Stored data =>
================

(* For all $n\ge0$, $$F_n(x,y,q)F_{n+1}(x,y,q)=\sum_{j=0}^nxy^jq^{\lfloor j^2/2\rfloor}F_{n-j}(xq^j,yq^j,q)F_{n-j}(xq^{j+1},yq^{j+1},q).$$
   Context: $\Pi_n(13/2,123)$ is the set of layered matchings of $[n]$: set partitions whose blocks are consecutive intervals $[1,i_1]/\dots/[i_{k-1}+1,n]$, each of size $1$ or $2$. $\Pi_0(13/2,123)$ consists of the empty partition. For $\pi=B_1/\dots/B_k$ with $\min B_1<\dots<\min B_k$, $rb(\pi)$ is the number of pairs $(b,B_j)$ with $b\in B_i$, $j>i$, $\max B_j>b$. Let $s(\pi)$ and $d(\pi)$ be the numbers of blocks of size $1$ and $2$. Define $F_n(x,y,q)=\sum_{\pi\in\Pi_n(13/2,123)}x^{s(\pi)}y^{d(\pi)}q^{rb(\pi)}$, so $F_0=1$ and $F_1=x$. $F_n(xq^a,yq^a,q)$ denotes the substitution $x\mapsto xq^a$, $y\mapsto yq^a$. *)

From HB Require Import structures.
From mathcomp Require Import all_boot all_order all_algebra.
Set Implicit Arguments. Unset Strict Implicit. Unset Printing Implicit Defensive.
Import GRing.Theory.

(* A set partition of [n] is represented as the list of its blocks
   B_1, ..., B_k, ordered by increasing minima; each block is a list of
   its elements in increasing order. *)

(* Compositions of n with parts in {1,2} (the sizes of the consecutive
   interval blocks of a layered matching, read from left to right). *)
Fixpoint comps12 (n : nat) : seq (seq nat) :=
  match n with
  | 0 => [:: [::]]
  | 1 => [:: [:: 1]]
  | (m.+1 as m1).+1 => [seq 1 :: c | c <- comps12 m1] ++ [seq 2 :: c | c <- comps12 m]
  end.

Fixpoint blocks_of (a : nat) (c : seq nat) : seq (seq nat) :=
  match c with
  | [::] => [::]
  | p :: c' => iota a p :: blocks_of (a + p) c'
  end.

Definition layered (n : nat) : seq (seq (seq nat)) :=
  [seq blocks_of 1 c | c <- comps12 n].

Definition maxB (B : seq nat) : nat := foldr maxn 0 B.

Definition rb (P : seq (seq nat)) : nat :=
  sumn [seq count (fun Bj => b < maxB Bj) (drop i.+1 P)
       | i <- iota 0 (size P), b <- nth [::] P i].

Definition sblocks (P : seq (seq nat)) : nat := count (fun B => size B == 1) P.
Definition dblocks (P : seq (seq nat)) : nat := count (fun B => size B == 2) P.

Definition F (R : comRingType) (n : nat) (x y q : R) : R :=
  (\sum_(P <- layered n) x ^+ sblocks P * y ^+ dblocks P * q ^+ rb P)%R.

(* A layered matching of [n] is determined by the composition of n into
   parts 1 and 2 listing its block sizes from left to right.  Since the
   blocks are consecutive intervals, every element b of a block B_i lies
   below max B_j for each later block B_j, so it pairs with all of them:
   rb is the sum, over the parts p of the composition, of p times the
   number of parts after p.  Splitting off the first part then gives the
   recurrence
       F_{n+2}(x,y) = x F_{n+1}(xq,yq) + y F_n(xq^2,yq^2),
   with F_0 = 1 and F_1 = x.

   Writing S_n(x,y) for the right-hand side of the identity, its terms
   j >= 2 are y^2 times those of S_{n-2}(xq^2,yq^2), so
       S_{n+2}(x,y) = x F_{n+2}(x,y) F_{n+2}(xq,yq)
                     + x y F_{n+1}(xq,yq) F_{n+1}(xq^2,yq^2)
                     + y^2 S_n(xq^2,yq^2).
   Expanding F_{n+3}(x,y) and one factor F_{n+2}(x,y) with the recurrence
   shows that F_{n+2} F_{n+3} satisfies the same relation, and the theorem
   follows by strong induction on n, for all x and y simultaneously. *)

From HB Require Import structures.
From mathcomp Require Import all_boot all_order all_algebra.
From mathcomp Require Import ring zify.
Import GRing.Theory.
Local Open Scope ring_scope.

Definition parts12 (c : seq nat) : bool :=
  all (fun p => (p == 1) || (p == 2))%N c.

Lemma comps12_SS n :
  comps12 n.+2 = [seq 1%N :: c | c <- comps12 n.+1] ++ [seq 2%N :: c | c <- comps12 n].
Proof. by []. Qed.

Lemma comps12_parts12 {n c} : c \in comps12 n -> parts12 c.
Proof.
elim/ltn_ind: n c => -[|[|n]] IH c; first by rewrite inE => /eqP ->.
  by rewrite inE => /eqP ->.
rewrite comps12_SS mem_cat => /orP[] /mapP[c' c'_in ->] /=.
  by rewrite (IH n.+1).
by rewrite (IH n).
Qed.

Lemma parts12_pos {c} : parts12 c -> all (fun p => 0 < p)%N c.
Proof. by elim: c => //= p c IH /andP[/orP[]/eqP-> /IH ->]. Qed.

Lemma parts12_size {c} :
  parts12 c -> size c = (count_mem 1%N c + count_mem 2%N c)%N.
Proof. by elim: c => //= p c IH /andP[/orP[]/eqP-> /IH ->]; lia. Qed.

(* rb of a composition: each part p pairs with every later part, p times. *)
Fixpoint rbc (c : seq nat) : nat :=
  if c is p :: c' then (p * size c' + rbc c')%N else 0%N.

Lemma rb_cons B P :
  rb (B :: P) = (sumn [seq count (fun Bj => b < maxB Bj)%N P | b <- B] + rb P)%N.
Proof.
rewrite /rb /= drop0 sumn_cat; congr (_ + _)%N.
by rewrite -[1%N]addn0 iotaDl -map_comp.
Qed.

Lemma maxB_ge b B : b \in B -> (b <= maxB B)%N.
Proof.
elim: B => //= a B IH; rewrite inE => /orP[/eqP->|/IH b_le].
  exact: leq_maxl.
exact: leq_trans b_le (leq_maxr _ _).
Qed.

Lemma blocks_of_maxB {a c Bj} :
  all (fun p => 0 < p)%N c -> Bj \in blocks_of a c -> (a <= maxB Bj)%N.
Proof.
elim: c a => //= p c IH a /andP[p_gt0 c_pos]; rewrite inE => /orP[/eqP->|Bj_in].
  by apply: maxB_ge; rewrite mem_iota leqnn /= -addn1 leq_add2l.
exact: leq_trans (leq_addr _ _) (IH _ c_pos Bj_in).
Qed.

Lemma size_blocks_of a c : size (blocks_of a c) = size c.
Proof. by elim: c a => //= p c IH a; rewrite IH. Qed.

(* rb of the interval partition of a composition with positive parts is rbc:
   each of the p elements of the first block is below the maximum of every
   later block. *)
Lemma rb_blocks_of a c : all (fun p => 0 < p)%N c -> rb (blocks_of a c) = rbc c.
Proof.
elim: c a => //= p c IH a /andP[_ c_pos]; rewrite rb_cons IH //; congr (_ + _)%N.
have all_later b : b \in iota a p ->
    count (fun Bj => b < maxB Bj)%N (blocks_of (a + p) c) = size c.
  rewrite mem_iota => /andP[_ b_lt]; rewrite -(size_blocks_of (a + p)).
  rewrite -count_predT; apply: eq_in_count => Bj /(blocks_of_maxB c_pos).
  exact: leq_trans b_lt.
rewrite (eq_in_map _ (fun=> size c) _).1 // mulnC -{2}(size_iota a p).
by elim: (iota a p) => [|b s IHs] /=; rewrite ?muln0 // IHs mulnS.
Qed.

Lemma sblocks_blocks_of a c : sblocks (blocks_of a c) = count_mem 1%N c.
Proof. by elim: c a => //= p c IH a; rewrite IH size_iota. Qed.

Lemma dblocks_blocks_of a c : dblocks (blocks_of a c) = count_mem 2%N c.
Proof. by elim: c a => //= p c IH a; rewrite IH size_iota. Qed.

Section Recurrence.

Variables (R : comRingType) (q : R).

Definition cweight (x y : R) (c : seq nat) : R :=
  x ^+ count_mem 1%N c * y ^+ count_mem 2%N c * q ^+ rbc c.

Lemma F_comps n x y : F n x y q = \sum_(c <- comps12 n) cweight x y c.
Proof.
rewrite /F /layered big_map big_seq [RHS]big_seq; apply: eq_bigr => c c_in.
have c_pos := parts12_pos (comps12_parts12 c_in).
by rewrite sblocks_blocks_of dblocks_blocks_of rb_blocks_of.
Qed.

Lemma F0 x y : F 0 x y q = 1.
Proof. by rewrite F_comps big_seq1 /cweight /= !expr0 !mulr1. Qed.

Lemma F1 x y : F 1 x y q = x.
Proof. by rewrite F_comps big_seq1 /cweight /= expr1 !expr0 !mulr1. Qed.

(* A leading part p multiplies the weight of the rest by x or y and shifts
   x, y to xq^p, yq^p, since it pairs p times with each remaining part. *)
Lemma cweight_cons (p : nat) (x y : R) c :
  parts12 c -> (p == 1%N) || (p == 2%N) ->
  cweight x y (p :: c) =
  (if p == 1%N then x else y) * cweight (x * q ^+ p) (y * q ^+ p) c.
Proof.
move=> c12 /orP[]/eqP->; rewrite /cweight /= (parts12_size c12) mulnDr !exprD;
  rewrite ?mul1n ?exprM !exprMn; ring.
Qed.

(* The first block of a layered matching of [n+2] is a singleton or a pair. *)
Lemma F_rec n x y :
  F n.+2 x y q = x * F n.+1 (x * q) (y * q) q + y * F n (x * q ^+ 2) (y * q ^+ 2) q.
Proof.
rewrite !F_comps comps12_SS big_cat !big_map !mulr_sumr.
congr (_ + _); rewrite big_seq [RHS]big_seq; apply: eq_bigr => c c_in;
  by rewrite cweight_cons ?expr1 //=; exact: comps12_parts12 c_in.
Qed.

Definition rhs (n : nat) (x y : R) : R :=
  \sum_(j < n.+1)
     x * y ^+ j * q ^+ (j * j)./2
       * F (n - j) (x * q ^+ j) (y * q ^+ j) q
       * F (n - j) (x * q ^+ j.+1) (y * q ^+ j.+1) q.

Lemma half_sqSS j : ((j.+2 * j.+2)./2 = 2 * j + 2 + (j * j)./2)%N.
Proof.
have -> : (j.+2 * j.+2 = (2 * j + 2).*2 + j * j)%N by rewrite -muln2; lia.
by rewrite halfD odd_double doubleK.
Qed.

Lemma rhs_SS n x y :
  rhs n.+2 x y =
    x * F n.+2 x y q * F n.+2 (x * q) (y * q) q
  + x * y * F n.+1 (x * q) (y * q) q * F n.+1 (x * q ^+ 2) (y * q ^+ 2) q
  + y ^+ 2 * rhs n (x * q ^+ 2) (y * q ^+ 2).
Proof.
have shift (a : R) k : a * q ^+ 2 * q ^+ k = a * q ^+ k.+2.
  by rewrite -mulrA -exprD add2n.
rewrite /rhs 2!big_ord_recl addrA; congr (_ + _ + _).
- by rewrite !subn0 !expr0 expr1 !mulr1.
- by rewrite lift0 !expr1 subn1 !mulr1.
rewrite [RHS]mulr_sumr; apply: eq_bigr => j _.
rewrite !lift0 !subSS !shift half_sqSS !exprD !exprMn.
set Fj := F _ _ _ q; set Fj1 := F _ _ _ q.
by rewrite !exprS; ring.
Qed.

Lemma F_product n x y : F n x y q * F n.+1 x y q = rhs n x y.
Proof.
elim/ltn_ind: n x y => -[|[|n]] IH x y.
- by rewrite /rhs big_ord1 F0 F1 subnn !F0 !expr0 !mulr1 mul1r.
- by rewrite /rhs !big_ord_recl big_ord0 F_rec F1 !F0 /= !F1 !expr0 expr1; ring.
rewrite rhs_SS -IH // (F_rec n.+1) mulrDr -addrA; congr (_ + _); first by ring.
by rewrite (F_rec n); ring.
Qed.

End Recurrence.

Theorem theorem4p5 (R : comRingType) (x y q : R) (n : nat) :
  F n x y q * F n.+1 x y q =
  \sum_(j < n.+1)
     x * y ^+ j * q ^+ (j * j)./2
       * F (n - j) (x * q ^+ j) (y * q ^+ j) q
       * F (n - j) (x * q ^+ j.+1) (y * q ^+ j.+1) q.
Proof. exact: F_product. Qed.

================

Copy every line of the data that carries the word "have".

have all_later b : b \in iota a p ->
have c_pos := parts12_pos (comps12_parts12 c_in).
have -> : (j.+2 * j.+2 = (2 * j + 2).*2 + j * j)%N by rewrite -muln2; lia.
have shift (a : R) k : a * q ^+ 2 * q ^+ k = a * q ^+ k.+2.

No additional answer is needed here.